Assigned task
From the entries below, transcribe exactly the lines between the line holding "vle : vcar -> vcar -> Prop;" and the line holding "vle_refl : forall x, vle x x;", inclusive; skip all other lines.

Extracted entries

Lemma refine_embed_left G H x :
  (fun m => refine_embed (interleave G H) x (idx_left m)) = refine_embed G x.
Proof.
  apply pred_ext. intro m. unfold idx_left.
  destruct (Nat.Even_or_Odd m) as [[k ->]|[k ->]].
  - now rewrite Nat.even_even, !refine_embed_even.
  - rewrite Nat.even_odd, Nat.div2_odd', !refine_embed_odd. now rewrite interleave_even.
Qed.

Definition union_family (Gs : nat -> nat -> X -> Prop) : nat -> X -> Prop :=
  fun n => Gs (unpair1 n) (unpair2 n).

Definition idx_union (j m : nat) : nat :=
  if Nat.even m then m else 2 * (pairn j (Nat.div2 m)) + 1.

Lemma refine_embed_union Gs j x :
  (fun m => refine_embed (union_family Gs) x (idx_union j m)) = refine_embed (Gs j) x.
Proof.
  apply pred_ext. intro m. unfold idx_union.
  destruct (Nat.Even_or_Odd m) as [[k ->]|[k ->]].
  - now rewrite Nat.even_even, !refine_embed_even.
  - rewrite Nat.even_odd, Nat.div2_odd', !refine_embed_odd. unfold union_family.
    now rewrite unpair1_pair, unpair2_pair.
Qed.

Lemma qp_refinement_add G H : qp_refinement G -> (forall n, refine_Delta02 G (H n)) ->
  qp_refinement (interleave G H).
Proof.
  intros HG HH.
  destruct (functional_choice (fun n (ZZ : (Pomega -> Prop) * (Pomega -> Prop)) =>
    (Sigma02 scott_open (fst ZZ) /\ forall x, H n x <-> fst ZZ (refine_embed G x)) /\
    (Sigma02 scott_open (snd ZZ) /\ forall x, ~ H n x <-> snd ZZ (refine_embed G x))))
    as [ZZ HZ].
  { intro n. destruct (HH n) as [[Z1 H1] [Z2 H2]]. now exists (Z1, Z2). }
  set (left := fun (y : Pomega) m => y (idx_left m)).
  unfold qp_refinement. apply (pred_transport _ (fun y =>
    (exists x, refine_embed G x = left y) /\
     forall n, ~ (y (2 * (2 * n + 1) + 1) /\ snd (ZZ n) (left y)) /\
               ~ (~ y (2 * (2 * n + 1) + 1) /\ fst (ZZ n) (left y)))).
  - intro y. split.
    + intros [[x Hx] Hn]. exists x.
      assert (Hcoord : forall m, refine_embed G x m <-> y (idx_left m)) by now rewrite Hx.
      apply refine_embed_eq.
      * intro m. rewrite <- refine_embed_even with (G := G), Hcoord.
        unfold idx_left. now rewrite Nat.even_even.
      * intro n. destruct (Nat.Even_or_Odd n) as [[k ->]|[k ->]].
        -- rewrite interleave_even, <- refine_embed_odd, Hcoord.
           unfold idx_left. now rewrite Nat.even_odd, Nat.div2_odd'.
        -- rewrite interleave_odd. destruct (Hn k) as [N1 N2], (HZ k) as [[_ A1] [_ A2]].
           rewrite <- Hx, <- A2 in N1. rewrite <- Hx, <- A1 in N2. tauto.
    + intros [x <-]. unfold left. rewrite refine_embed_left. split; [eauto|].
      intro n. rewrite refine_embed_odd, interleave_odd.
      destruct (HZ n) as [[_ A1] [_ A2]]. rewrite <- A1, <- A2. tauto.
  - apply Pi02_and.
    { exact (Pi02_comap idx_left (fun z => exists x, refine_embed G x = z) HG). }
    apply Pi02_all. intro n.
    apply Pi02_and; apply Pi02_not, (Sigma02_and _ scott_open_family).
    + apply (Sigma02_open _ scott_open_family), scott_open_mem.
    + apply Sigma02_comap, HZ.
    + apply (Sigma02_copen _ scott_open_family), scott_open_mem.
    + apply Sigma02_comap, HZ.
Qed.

---

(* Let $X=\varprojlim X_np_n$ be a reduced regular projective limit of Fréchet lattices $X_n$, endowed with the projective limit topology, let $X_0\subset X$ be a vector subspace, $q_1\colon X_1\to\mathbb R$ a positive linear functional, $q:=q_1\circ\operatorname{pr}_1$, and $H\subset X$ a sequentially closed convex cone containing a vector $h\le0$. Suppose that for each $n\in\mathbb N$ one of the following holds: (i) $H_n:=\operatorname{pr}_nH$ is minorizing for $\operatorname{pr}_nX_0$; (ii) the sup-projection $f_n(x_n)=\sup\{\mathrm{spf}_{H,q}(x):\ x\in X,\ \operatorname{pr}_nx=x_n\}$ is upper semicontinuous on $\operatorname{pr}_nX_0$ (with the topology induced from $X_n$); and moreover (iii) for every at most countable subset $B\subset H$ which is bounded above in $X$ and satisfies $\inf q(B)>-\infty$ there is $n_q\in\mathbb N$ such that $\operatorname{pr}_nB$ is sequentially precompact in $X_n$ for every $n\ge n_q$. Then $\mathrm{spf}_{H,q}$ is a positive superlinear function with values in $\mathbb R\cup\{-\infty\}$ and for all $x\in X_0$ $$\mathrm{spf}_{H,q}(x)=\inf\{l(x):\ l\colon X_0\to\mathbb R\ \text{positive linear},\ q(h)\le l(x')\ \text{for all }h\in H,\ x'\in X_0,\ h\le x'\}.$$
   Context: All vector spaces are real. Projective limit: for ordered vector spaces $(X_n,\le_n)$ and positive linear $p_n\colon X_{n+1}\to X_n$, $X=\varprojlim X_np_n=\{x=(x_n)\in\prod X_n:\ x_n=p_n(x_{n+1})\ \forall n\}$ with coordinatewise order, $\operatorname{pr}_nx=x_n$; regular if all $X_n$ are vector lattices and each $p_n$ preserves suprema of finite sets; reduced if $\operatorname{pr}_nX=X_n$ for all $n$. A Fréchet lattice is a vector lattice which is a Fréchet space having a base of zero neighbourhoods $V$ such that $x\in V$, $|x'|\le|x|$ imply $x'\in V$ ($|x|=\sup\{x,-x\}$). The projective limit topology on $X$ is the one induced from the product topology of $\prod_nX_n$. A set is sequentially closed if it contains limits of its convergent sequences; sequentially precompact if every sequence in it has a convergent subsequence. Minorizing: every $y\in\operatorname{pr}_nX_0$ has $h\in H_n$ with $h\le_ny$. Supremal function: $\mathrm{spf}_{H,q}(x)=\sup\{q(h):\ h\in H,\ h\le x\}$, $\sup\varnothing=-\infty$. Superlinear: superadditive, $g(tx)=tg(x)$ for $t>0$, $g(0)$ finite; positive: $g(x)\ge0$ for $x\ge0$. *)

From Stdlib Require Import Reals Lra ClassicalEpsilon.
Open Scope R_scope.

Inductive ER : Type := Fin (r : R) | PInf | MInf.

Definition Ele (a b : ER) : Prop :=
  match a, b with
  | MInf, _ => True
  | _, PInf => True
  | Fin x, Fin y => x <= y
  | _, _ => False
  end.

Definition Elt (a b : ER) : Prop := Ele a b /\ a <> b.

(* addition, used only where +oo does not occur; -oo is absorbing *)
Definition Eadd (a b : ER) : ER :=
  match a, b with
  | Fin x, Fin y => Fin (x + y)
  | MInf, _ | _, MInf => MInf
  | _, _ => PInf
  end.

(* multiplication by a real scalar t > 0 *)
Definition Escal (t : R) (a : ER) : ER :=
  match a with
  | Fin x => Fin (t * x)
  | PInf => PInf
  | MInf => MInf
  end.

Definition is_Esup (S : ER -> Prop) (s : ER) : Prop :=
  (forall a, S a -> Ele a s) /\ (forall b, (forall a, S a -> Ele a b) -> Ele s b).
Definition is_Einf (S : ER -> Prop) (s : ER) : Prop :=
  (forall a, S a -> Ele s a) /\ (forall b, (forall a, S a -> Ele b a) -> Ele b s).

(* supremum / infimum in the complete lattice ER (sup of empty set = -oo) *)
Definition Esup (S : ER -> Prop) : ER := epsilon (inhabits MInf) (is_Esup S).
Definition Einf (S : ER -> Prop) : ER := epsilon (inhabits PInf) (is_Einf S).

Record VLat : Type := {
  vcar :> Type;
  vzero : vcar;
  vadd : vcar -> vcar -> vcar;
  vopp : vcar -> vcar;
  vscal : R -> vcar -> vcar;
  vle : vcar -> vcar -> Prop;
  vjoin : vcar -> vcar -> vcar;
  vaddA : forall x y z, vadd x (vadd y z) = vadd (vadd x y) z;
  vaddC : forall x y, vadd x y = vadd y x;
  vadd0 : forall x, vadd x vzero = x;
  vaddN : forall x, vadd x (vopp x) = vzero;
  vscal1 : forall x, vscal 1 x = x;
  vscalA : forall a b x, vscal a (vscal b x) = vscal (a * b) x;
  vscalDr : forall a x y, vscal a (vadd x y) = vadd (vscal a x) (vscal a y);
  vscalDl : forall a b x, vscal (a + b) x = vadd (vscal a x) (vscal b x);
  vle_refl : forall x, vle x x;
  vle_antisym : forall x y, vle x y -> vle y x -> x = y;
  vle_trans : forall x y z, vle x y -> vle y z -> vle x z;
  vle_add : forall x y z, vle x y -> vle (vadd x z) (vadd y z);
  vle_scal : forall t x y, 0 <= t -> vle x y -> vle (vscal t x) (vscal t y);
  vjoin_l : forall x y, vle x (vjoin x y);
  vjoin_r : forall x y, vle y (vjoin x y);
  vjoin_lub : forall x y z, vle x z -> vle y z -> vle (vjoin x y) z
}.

* * *

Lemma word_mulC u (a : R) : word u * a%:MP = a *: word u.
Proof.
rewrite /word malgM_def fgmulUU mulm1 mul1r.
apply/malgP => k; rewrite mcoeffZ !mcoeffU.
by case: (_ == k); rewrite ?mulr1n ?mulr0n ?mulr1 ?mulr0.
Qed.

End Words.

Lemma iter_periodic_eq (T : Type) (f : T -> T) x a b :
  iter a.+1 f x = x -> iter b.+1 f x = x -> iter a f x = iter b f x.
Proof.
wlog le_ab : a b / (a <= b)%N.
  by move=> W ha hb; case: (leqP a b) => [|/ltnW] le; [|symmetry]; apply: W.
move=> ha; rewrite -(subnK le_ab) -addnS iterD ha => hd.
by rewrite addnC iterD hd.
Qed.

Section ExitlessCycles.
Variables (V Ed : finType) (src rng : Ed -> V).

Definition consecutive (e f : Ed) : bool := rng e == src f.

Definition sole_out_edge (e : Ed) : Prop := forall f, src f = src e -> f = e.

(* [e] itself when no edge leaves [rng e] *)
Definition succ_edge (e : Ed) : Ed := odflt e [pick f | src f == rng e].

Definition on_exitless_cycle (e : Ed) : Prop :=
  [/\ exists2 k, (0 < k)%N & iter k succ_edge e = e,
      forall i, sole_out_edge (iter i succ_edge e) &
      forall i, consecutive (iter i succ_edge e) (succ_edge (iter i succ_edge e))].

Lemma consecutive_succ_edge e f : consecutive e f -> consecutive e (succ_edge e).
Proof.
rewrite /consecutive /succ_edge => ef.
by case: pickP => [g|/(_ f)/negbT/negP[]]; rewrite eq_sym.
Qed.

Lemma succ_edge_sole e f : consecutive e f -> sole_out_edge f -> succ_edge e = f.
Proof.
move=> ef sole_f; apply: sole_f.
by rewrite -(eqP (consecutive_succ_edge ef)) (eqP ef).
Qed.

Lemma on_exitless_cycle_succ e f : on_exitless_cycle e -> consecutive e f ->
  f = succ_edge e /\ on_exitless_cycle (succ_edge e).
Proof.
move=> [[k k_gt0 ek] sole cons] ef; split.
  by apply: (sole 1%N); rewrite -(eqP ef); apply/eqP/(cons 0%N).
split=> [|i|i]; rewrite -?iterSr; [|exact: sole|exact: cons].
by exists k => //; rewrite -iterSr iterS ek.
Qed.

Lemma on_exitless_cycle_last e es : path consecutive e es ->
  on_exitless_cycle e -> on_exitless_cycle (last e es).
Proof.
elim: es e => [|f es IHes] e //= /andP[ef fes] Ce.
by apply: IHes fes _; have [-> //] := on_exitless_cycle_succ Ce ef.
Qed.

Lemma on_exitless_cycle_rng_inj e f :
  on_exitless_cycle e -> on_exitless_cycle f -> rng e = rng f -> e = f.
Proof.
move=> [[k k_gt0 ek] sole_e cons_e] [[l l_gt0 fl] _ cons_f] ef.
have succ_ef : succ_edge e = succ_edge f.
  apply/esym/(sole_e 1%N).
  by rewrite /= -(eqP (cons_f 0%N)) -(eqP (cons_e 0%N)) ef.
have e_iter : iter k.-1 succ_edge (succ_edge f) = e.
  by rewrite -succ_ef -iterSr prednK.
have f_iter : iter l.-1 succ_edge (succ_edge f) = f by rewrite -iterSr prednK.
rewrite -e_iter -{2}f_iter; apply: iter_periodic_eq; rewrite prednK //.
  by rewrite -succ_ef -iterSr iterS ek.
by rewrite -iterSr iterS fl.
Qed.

The answer
  vle : vcar -> vcar -> Prop;
  vjoin : vcar -> vcar -> vcar;
  vaddA : forall x y z, vadd x (vadd y z) = vadd (vadd x y) z;
  vaddC : forall x y, vadd x y = vadd y x;
  vadd0 : forall x, vadd x vzero = x;
  vaddN : forall x, vadd x (vopp x) = vzero;
  vscal1 : forall x, vscal 1 x = x;
  vscalA : forall a b x, vscal a (vscal b x) = vscal (a * b) x;
  vscalDr : forall a x y, vscal a (vadd x y) = vadd (vscal a x) (vscal a y);
  vscalDl : forall a b x, vscal (a + b) x = vadd (vscal a x) (vscal b x);
  vle_refl : forall x, vle x x;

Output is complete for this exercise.